Published 15 Apr 2025 in cs.AI

Abstract: We introduce REAL, a benchmark and framework for multi-turn agent evaluations on deterministic simulations of real-world websites. REAL comprises high-fidelity, deterministic replicas of 11 widely-used websites across domains such as e-commerce, travel, communication, and professional networking. We also release a benchmark consisting of 112 practical tasks that mirror everyday complex user interactions requiring both accurate information retrieval and state-changing actions. All interactions occur within this fully controlled setting, eliminating safety risks and enabling robust, reproducible evaluation of agent capability and reliability. Our novel evaluation framework combines programmatic checks of website state for action-based tasks with rubric-guided LLM-based judgments for information retrieval. The framework supports both open-source and proprietary agent systems through a flexible evaluation harness that accommodates black-box commands within browser environments, allowing research labs to test agentic systems without modification. Our empirical results show that frontier LLMs achieve at most a 41% success rate on REAL, highlighting critical gaps in autonomous web navigation and task completion capabilities. Our framework supports easy integration of new tasks, reproducible evaluation, and scalable post-training data generation, marking a significant step forward in evaluating and advancing agent capabilities.
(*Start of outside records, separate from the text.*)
(* Let $N\ge2$, $t,r\ge1$, $m=t+r<N$, $K\ge N$, and let $n_0=K-(N-t)+1$. Fix $y\in(0,1]$ and, for $s\ge0$, consider the family of densities on $(0,1]$ $$g_s(x)=f_\beta(x;n_0,r,0)\,e^{-s xy}\sum_{k=0}^{n_0}\binom{n_0}{k}\frac{(r-1)!}{(r+k-1)!}[s\,y(1-x)]^k,$$ which is the conditional pdf of $p_1$ given $p_2=y$ when $\mathrm{SINR}=s$ (with $s=0$ corresponding to $H_0$). Then for every $s>0$ the likelihood ratio $g_s(x)/g_0(x)$ is a nonincreasing function of $x\in(0,1]$; consequently, conditionally on $p_2$, the test that decides $H_1$ when $p_1<\eta$ (equivalently, when $(1-p_1)/p_1>\eta'$) is uniformly most powerful for testing $\mathrm{SINR}=0$ against $\mathrm{SINR}>0$ based on $p_1$.
   Context: $f_\beta(x;n,m,0)=\frac{(n+m-1)!}{(n-1)!(m-1)!}x^{n-1}(1-x)^{m-1}$ is the complex central beta pdf. $p_1=1/\bigl(1+\frac{m_1}{1+m_2}\bigr)$, $p_2=1/(1+m_2)$ where $m_1=\mathbf{z}_{2.3}^\dagger\mathbf{S}_{2.3}^{-1}\mathbf{z}_{2.3}$, $m_2=\mathbf{z}_3^\dagger\mathbf{S}_{33}^{-1}\mathbf{z}_3$, for the primary vector $\mathbf{z}\in\mathbb{C}^N$ partitioned into blocks of sizes $t,r,N-m$ and sample matrix $\mathbf{S}$ partitioned conformably, $\mathbf{z}_{2.3}=\mathbf{z}_2-\mathbf{S}_{23}\mathbf{S}_{33}^{-1}\mathbf{z}_3$, $\mathbf{S}_{2.3}=\mathbf{S}_{22}-\mathbf{S}_{23}\mathbf{S}_{33}^{-1}\mathbf{S}_{32}$; $(p_1,p_2)$ is the (transformed) maximal invariant of the adaptive subspace detection problem with structured interference, whose second component $p_2$ has the same distribution under both hypotheses. *)

From HB Require Import structures.
From mathcomp Require Import all_boot all_order all_algebra.
From mathcomp Require Import all_classical all_reals all_analysis.
Set Implicit Arguments. Unset Strict Implicit. Unset Printing Implicit Defensive.
Import Order.TTheory GRing.Theory Num.Theory.
Local Open Scope ring_scope.
Local Open Scope classical_set_scope.

Definition fbeta (R : realType) (n m : nat) (x : R) : R :=
  ((n + m - 1)`!%:R / ((n - 1)`!%:R * (m - 1)`!%:R))
  * x ^+ (n - 1) * (1 - x) ^+ (m - 1).

Definition n0_of (K N t : nat) : nat := (K - (N - t)).+1.

Definition gdens (R : realType) (n0 r : nat) (y s x : R) : R :=
  fbeta n0 r x * expR (- (s * x * y)) *
  \sum_(k < n0.+1) ('C(n0, k)%:R * ((r - 1)`!%:R / (r + k - 1)`!%:R)
                    * (s * y * (1 - x)) ^+ k).

Definition thr_test (R : realType) (eta : R) (x : R) : R :=
  if x < eta then 1 else 0.

(** The statistic [g_s] factors as [fbeta x * L_s x], where the likelihood
    ratio [L_s x = e^{-sxy} * P(s y (1 - x))] is the product of two
    nonnegative nonincreasing functions of [x] on [[0, 1]], since the
    polynomial [P] has nonnegative coefficients.  Monotonicity of [L_s] is
    the monotone likelihood ratio property, and it shows that the threshold
    test [x < eta] is a Neyman-Pearson test with constant [k = L_s eta]:
    [(T x - phi x) * (g_s x - k g_0 x) >= 0] for every test [phi].
    Integrating this inequality gives the UMP property. *)
From HB Require Import structures.
From mathcomp Require Import all_boot all_order all_algebra.
From mathcomp Require Import all_classical all_reals all_analysis.
From mathcomp Require Import measurable_realfun ring.
Import Order.TTheory GRing.Theory Num.Theory.
Local Open Scope ring_scope.
Local Open Scope classical_set_scope.

Section NeymanPearson.
Context {d : measure_display} {T : measurableType d} {R : realType}.
Variables (mu : {measure set T -> \bar R}) (D : set T).
Hypothesis mD : measurable D.

Lemma ge0_integralDZr (k : R) (f g : T -> R) : 0 <= k ->
  (forall x, D x -> 0 <= f x) -> (forall x, D x -> 0 <= g x) ->
  measurable_fun D f -> measurable_fun D g ->
  (\int[mu]_(x in D) (f x + k * g x)%:E
   = \int[mu]_(x in D) (f x)%:E + k%:E * \int[mu]_(x in D) (g x)%:E)%E.
Proof.
move=> k0 f0 g0 mf mg.
rewrite -ge0_integralZl_EFin //.
rewrite -(ge0_integralD mu mD (f1 := fun x => (f x)%:E)
                              (f2 := fun x => (k%:E * (g x)%:E)%E)) //.
- exact/measurable_EFinP.
- by move=> x Dx; rewrite mule_ge0 // lee_fin g0.
- by apply: measurable_funeM; apply/measurable_EFinP.
- exact/measurable_EFinP.
Qed.

Variables (f0 f1 tst phi : T -> R) (k : R).
Hypotheses (k0 : 0 <= k)
  (mf0 : measurable_fun D f0) (mf1 : measurable_fun D f1)
  (mtst : measurable_fun D tst) (mphi : measurable_fun D phi)
  (f0_ge0 : forall x, D x -> 0 <= f0 x) (f1_ge0 : forall x, D x -> 0 <= f1 x)
  (tst_ge0 : forall x, D x -> 0 <= tst x) (phi_ge0 : forall x, D x -> 0 <= phi x)
  (tst_np : forall x, D x -> 0 <= (tst x - phi x) * (f1 x - k * f0 x))
  (tst_f0_int : mu.-integrable D (fun x => (tst x * f0 x)%:E)).

Lemma neyman_pearson :
  (\int[mu]_(x in D) (phi x * f0 x)%:E <= \int[mu]_(x in D) (tst x * f0 x)%:E)%E ->
  (\int[mu]_(x in D) (phi x * f1 x)%:E <= \int[mu]_(x in D) (tst x * f1 x)%:E)%E.
Proof.
move=> size_le.
have prod_ge0 (u v : T -> R) : (forall x, D x -> 0 <= u x) ->
    (forall x, D x -> 0 <= v x) -> forall x, D x -> 0 <= u x * v x.
  by move=> u0 v0 x Dx; rewrite mulr_ge0 ?u0 ?v0.
have pointwise x : D x ->
    phi x * f1 x + k * (tst x * f0 x) <= tst x * f1 x + k * (phi x * f0 x).
  move=> Dx; rewrite -subr_ge0.
  have -> : tst x * f1 x + k * (phi x * f0 x) - (phi x * f1 x + k * (tst x * f0 x))
          = (tst x - phi x) * (f1 x - k * f0 x) by ring.
  exact: tst_np.
have integrated : (\int[mu]_(x in D) (phi x * f1 x + k * (tst x * f0 x))%:E
                <= \int[mu]_(x in D) (tst x * f1 x + k * (phi x * f0 x))%:E)%E.
  apply: ge0_le_integral => //.
  - by move=> x Dx; rewrite lee_fin addr_ge0 ?mulr_ge0 ?phi_ge0 ?f1_ge0 ?tst_ge0 ?f0_ge0.
  - apply/measurable_EFinP; apply: measurable_funD; first exact: measurable_funM.
    by apply: measurable_funM => //; exact: measurable_funM.
  - apply/measurable_EFinP; apply: measurable_funD; first exact: measurable_funM.
    by apply: measurable_funM => //; exact: measurable_funM.
rewrite (ge0_integralDZr _ _ _ k0 (prod_ge0 _ _ phi_ge0 f1_ge0)
  (prod_ge0 _ _ tst_ge0 f0_ge0) (measurable_funM mphi mf1) (measurable_funM mtst mf0))
  in integrated.
rewrite (ge0_integralDZr _ _ _ k0 (prod_ge0 _ _ tst_ge0 f1_ge0)
  (prod_ge0 _ _ phi_ge0 f0_ge0) (measurable_funM mtst mf1) (measurable_funM mphi mf0))
  in integrated.
have fin : (k%:E * \int[mu]_(x in D) (tst x * f0 x)%:E)%E \is a fin_num.
  by rewrite fin_numM // (integrable_fin_num mD tst_f0_int).
rewrite -(leeD2rE _ _ fin); apply: (le_trans integrated).
by apply: leeD2l; apply: lee_wpmul2l; rewrite ?lee_fin.
Qed.

End NeymanPearson.

Section BetaDensity.
Context {R : realType}.
Implicit Types x : R.

Lemma fbeta_ge0 n m x : 0 <= x <= 1 -> 0 <= fbeta n m x.
Proof. by case/andP=> x0 x1; rewrite /fbeta !mulr_ge0 ?exprn_ge0 ?subr_ge0. Qed.

Lemma fbeta_gt0 n m x : 0 < x < 1 -> 0 < fbeta n m x.
Proof. by case/andP=> x0 x1; rewrite /fbeta !mulr_gt0 ?exprn_gt0 ?subr_gt0. Qed.

Lemma fbeta_le n m x : 0 <= x <= 1 ->
  fbeta n m x <= (n + m - 1)`!%:R / ((n - 1)`!%:R * (m - 1)`!%:R).
Proof.
case/andP=> x0 x1; rewrite /fbeta -mulrA -[leRHS]mulr1.
rewrite ler_wpM2l ?divr_ge0 ?mulr_ge0 ?ler0n //.
by rewrite mulr_ile1 ?exprn_ge0 ?exprn_ile1 ?subr_ge0 ?lerBlDr ?lerDl.
Qed.

(* [fbeta] can only vanish on [(0, 1]] at [x = 1]. *)
Lemma fbeta_neq0 n m x1 x2 : 0 < x1 -> x1 <= x2 -> x2 <= 1 ->
  fbeta n m x2 != 0 -> fbeta n m x1 != 0.
Proof.
move=> x10 x12 x21; have [x11 _|x11] := ltP x1 1.
  by rewrite gt_eqF // fbeta_gt0 // x10 x11.
suff -> : x1 = x2 by [].
by apply/eqP; rewrite eq_le x12 (le_trans x21 x11).
Qed.

Lemma measurable_fbeta n m : measurable_fun [set: R] (fbeta n m).
Proof.
apply: measurable_funM; first exact: measurable_funM.
by apply: measurable_funX; exact: measurable_funB.
Qed.

Lemma integrable_mul_fbeta n m (f : R -> R) :
  measurable_fun (`]0%R, 1%R]%classic : set R) f ->
  {in `]0, 1], forall x, `|f x| <= 1} ->
  lebesgue_measure.-integrable (`]0%R, 1%R]%classic : set R)
    (fun x => (f x * fbeta n m x)%:E).
Proof.
move=> mf f_le1; apply: measurable_bounded_integrable.
- exact: measurable_itv.
- have mu01 : lebesgue_measure (`]0%R, 1%R]%classic : set R) = 1%E.
    by rewrite lebesgue_measure_itv /= lte01 EFinN sube0.
  by rewrite [X in (X < _)%E](_ : _ = 1%E) ?ltry.
- apply: measurable_funM => //.
  exact: measurable_funS measurableT (@subsetT _ _) (measurable_fbeta n m).
rewrite /bounded_near; near=> M => x /= x01.
have /andP[x0 x1] : 0 <= x <= 1 by move: x01; rewrite /= in_itv /= => /andP[/ltW -> ->].
rewrite normrM (@le_trans _ _ ((n + m - 1)`!%:R / ((n - 1)`!%:R * (m - 1)`!%:R))) //.
rewrite -[leRHS]mul1r ler_pM ?normr_ge0 ?f_le1 ?inE //.
by rewrite ger0_norm ?fbeta_le ?fbeta_ge0 ?x0.
Unshelve. all: by end_near.
Qed.

End BetaDensity.

Section LikelihoodRatio.
Context {R : realType}.
Implicit Types (y s x eta : R).

Definition gdens_coef (n0 r k : nat) : R :=
  'C(n0, k)%:R * ((r - 1)`!%:R / (r + k - 1)`!%:R).

Definition likratio (n0 r : nat) y s x : R :=
  expR (- (s * x * y)) *
  \sum_(k < n0.+1) (gdens_coef n0 r k * (s * y * (1 - x)) ^+ k).

Lemma gdens_coef_ge0 n0 r k : 0 <= gdens_coef n0 r k.
Proof. by rewrite /gdens_coef mulr_ge0 ?divr_ge0 ?ler0n. Qed.

Lemma gdensE n0 r y s x : gdens n0 r y s x = fbeta n0 r x * likratio n0 r y s x.
Proof. by rewrite /gdens /likratio mulrA. Qed.

Lemma likratio0 n0 r y x : likratio n0 r y 0 x = 1.
Proof.
rewrite /likratio !mul0r oppr0 expR0 mul1r big_ord_recl big1 ?addr0.
  by rewrite /gdens_coef bin0 addn0 expr0 mulr1 mul1r divff.
by move=> i _; rewrite expr0n mulr0.
Qed.

Lemma gdens0 n0 r y x : gdens n0 r y 0 x = fbeta n0 r x.
Proof. by rewrite gdensE likratio0 mulr1. Qed.

Lemma likratio_ge0 n0 r y s x : 0 <= y -> 0 <= s -> x <= 1 ->
  0 <= likratio n0 r y s x.
Proof.
move=> y0 s0 x1; rewrite /likratio mulr_ge0 ?expR_ge0 // sumr_ge0 // => k _.
by rewrite mulr_ge0 ?gdens_coef_ge0 // exprn_ge0 // !mulr_ge0 // subr_ge0.
Qed.

Lemma likratio_nonincr n0 r y s x1 x2 : 0 <= y -> 0 <= s ->
  x1 <= x2 -> x2 <= 1 -> likratio n0 r y s x2 <= likratio n0 r y s x1.
Proof.
move=> y0 s0 x12 x21; have sy0 : 0 <= s * y by rewrite mulr_ge0.
apply: ler_pM.
- exact: expR_ge0.
- rewrite sumr_ge0 // => k _.
  by rewrite mulr_ge0 ?gdens_coef_ge0 // exprn_ge0 // mulr_ge0 // subr_ge0.
- by rewrite ler_expR lerN2 -!mulrA [x1 * y]mulrC [x2 * y]mulrC !mulrA ler_wpM2l.
- apply: ler_sum => k _; rewrite ler_wpM2l ?gdens_coef_ge0 //.
  by rewrite lerXn2r ?nnegrE ?mulr_ge0 ?subr_ge0 ?ler_wpM2l ?lerB //;
     apply: le_trans x21.
Qed.

Lemma gdens_ge0 n0 r y s x : 0 <= y -> 0 <= s -> 0 <= x <= 1 ->
  0 <= gdens n0 r y s x.
Proof.
move=> y0 s0 /[dup] x01 /andP[_ x1].
by rewrite gdensE mulr_ge0 ?fbeta_ge0 ?likratio_ge0.
Qed.

(* At [x = 1] both densities may vanish; then the ratio is [0 / 0 = 0]. *)
Lemma gdens_mlr n0 r y s : 0 <= y -> 0 <= s ->
  {in `]0, 1] &, forall x1 x2 : R, x1 <= x2 ->
     gdens n0 r y s x2 / gdens n0 r y 0 x2 <= gdens n0 r y s x1 / gdens n0 r y 0 x1}.
Proof.
move=> y0 s0 x1 x2; rewrite !inE /= !in_itv /= => /andP[x10 x11] /andP[_ x21] x12.
rewrite !gdens0 !gdensE.
have [->|fx2_neq0] := eqVneq (fbeta n0 r x2) 0.
  have fx1_ge0 : 0 <= fbeta n0 r x1 by rewrite fbeta_ge0 // (ltW x10).
  by rewrite !mul0r divr_ge0 // mulr_ge0 // likratio_ge0.
have fx1_neq0 : fbeta n0 r x1 != 0 by exact: fbeta_neq0 x10 x12 x21 fx2_neq0.
rewrite [fbeta _ _ x1 * _]mulrC [fbeta _ _ x2 * _]mulrC !mulfK //.
exact: likratio_nonincr.
Qed.

Lemma measurable_gdens n0 r y s : measurable_fun [set: R] (gdens n0 r y s).
Proof.
apply: measurable_funM; first apply: measurable_funM.
- exact: measurable_fbeta.
- apply: measurableT_comp => //; apply: measurable_funN.
  by apply: measurable_funM => //; exact: measurable_funM.
- apply: measurable_sum => k; apply: measurable_funM => //.
  apply: measurable_funX; apply: measurable_funM => //; exact: measurable_funB.
Qed.

Lemma thr_test_ge0 eta x : 0 <= thr_test eta x <= 1.
Proof. by rewrite /thr_test; case: ifP; rewrite lexx ler01. Qed.

Lemma measurable_thr_test eta : measurable_fun [set: R] (thr_test eta).
Proof. by apply: measurable_fun_ifT => //; exact: measurable_fun_ltr. Qed.

Lemma thr_test_np n0 r y s eta x p :
  0 <= y -> 0 <= s -> eta <= 1 -> 0 <= x <= 1 -> 0 <= p <= 1 ->
  0 <= (thr_test eta x - p)
       * (gdens n0 r y s x - likratio n0 r y s eta * gdens n0 r y 0 x).
Proof.
move=> y0 s0 eta1 /[dup] x01 /andP[_ x1] /andP[p0 p1].
rewrite gdens0 gdensE [likratio _ _ _ _ eta * _]mulrC -mulrBr /thr_test.
case: ltP => [x_lt_eta | eta_le_x].
  rewrite mulr_ge0 ?subr_ge0 // mulr_ge0 ?fbeta_ge0 // subr_ge0.
  exact: likratio_nonincr (ltW x_lt_eta) eta1.
rewrite mulr_le0 ?sub0r ?oppr_le0 // mulr_ge0_le0 ?fbeta_ge0 // subr_le0.
exact: likratio_nonincr.
Qed.

End LikelihoodRatio.

Theorem mainTheorem7 (R : realType) (N t r K : nat) (y : R) :
  (2 <= N)%N -> (1 <= t)%N -> (1 <= r)%N -> (t + r < N)%N -> (N <= K)%N ->
  0 < y -> y <= 1 ->
  let n0 := n0_of K N t in
  (* monotone likelihood ratio on (0,1] *)
  (forall s : R, 0 < s ->
     {in `]0, 1] &, forall x1 x2 : R, x1 <= x2 ->
        gdens n0 r y s x2 / gdens n0 r y 0 x2
        <= gdens n0 r y s x1 / gdens n0 r y 0 x1})
  /\
  (* UMP: for each threshold eta, the test [p1 < eta] has maximal power
     under every s > 0 among all (randomized) tests of no larger size *)
  (forall (eta : R), 0 < eta -> eta <= 1 ->
   forall phi : R -> R,
     measurable_fun (`]0%R, 1%R]%classic : set R) phi ->
     {in `]0, 1], forall x, 0 <= phi x <= 1} ->
     (\int[lebesgue_measure]_(x in (`]0%R, 1%R]%classic : set R)) (phi x * gdens n0 r y 0 x)%:E
       <= \int[lebesgue_measure]_(x in (`]0%R, 1%R]%classic : set R)) (thr_test eta x * gdens n0 r y 0 x)%:E)%E ->
     forall s : R, 0 < s ->
     (\int[lebesgue_measure]_(x in (`]0%R, 1%R]%classic : set R)) (phi x * gdens n0 r y s x)%:E
       <= \int[lebesgue_measure]_(x in (`]0%R, 1%R]%classic : set R)) (thr_test eta x * gdens n0 r y s x)%:E)%E).
Proof.
move=> _ _ _ _ _ y_gt0 _ n0; have y_ge0 := ltW y_gt0.
split=> [s s_gt0|eta eta_gt0 eta_le1 phi mphi phi01 size_le s s_gt0].
  exact: gdens_mlr (ltW s_gt0).
have mD : measurable (`]0%R, 1%R]%classic : set R) by exact: measurable_itv.
have D01 (x : R) : `]0%R, 1%R] x -> 0 <= x <= 1.
  by rewrite /= in_itv /= => /andP[/ltW -> ->].
have mgdens s' : measurable_fun (`]0%R, 1%R]%classic : set R) (gdens n0 r y s').
  exact: measurable_funS measurableT (@subsetT _ _) (measurable_gdens n0 r y s').
have mthr : measurable_fun (`]0%R, 1%R]%classic : set R) (thr_test eta).
  exact: measurable_funS measurableT (@subsetT _ _) (measurable_thr_test eta).
apply: (neyman_pearson lebesgue_measure _ mD (gdens n0 r y 0) _ _ _
         (likratio n0 r y s eta)) => //.
- by apply: likratio_ge0 => //; exact: ltW.
- exact: mgdens.
- exact: mgdens.
- by move=> x /D01; exact: gdens_ge0.
- by move=> x /D01; apply: gdens_ge0 => //; exact: ltW.
- by move=> x _; have /andP[] := thr_test_ge0 eta x.
- by move=> x x01; have /andP[] := phi01 x (mem_set x01).
- move=> x x01; apply: thr_test_np => //; first exact: ltW.
    exact: D01.
  exact: phi01 (mem_set x01).
- have -> : gdens n0 r y 0 = fbeta n0 r by apply/funext => x; exact: gdens0.
  apply: integrable_mul_fbeta => // x _.
  by have /andP[t0 t1] := thr_test_ge0 eta x; rewrite ger0_norm.
Qed.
An Evaluation and Benchmark Framework for Autonomous Web Agents with the REAL Model

The paper "REAL: Benchmarking Autonomous Agents on Deterministic Simulations of Real Websites" introduces a comprehensive framework, REAL, aimed at addressing the challenges faced by LLMs in performing web-based tasks. While LLMs showcase potential capabilities in reasoning and planning, their real-world application, particularly in automating complex web interactions, is notably limited. The REAL framework serves as a benchmark to evaluate and enhance these capabilities by providing high-fidelity deterministic replicas of eleven commonly used web platforms spanning e-commerce, travel, and social networking domains, among others.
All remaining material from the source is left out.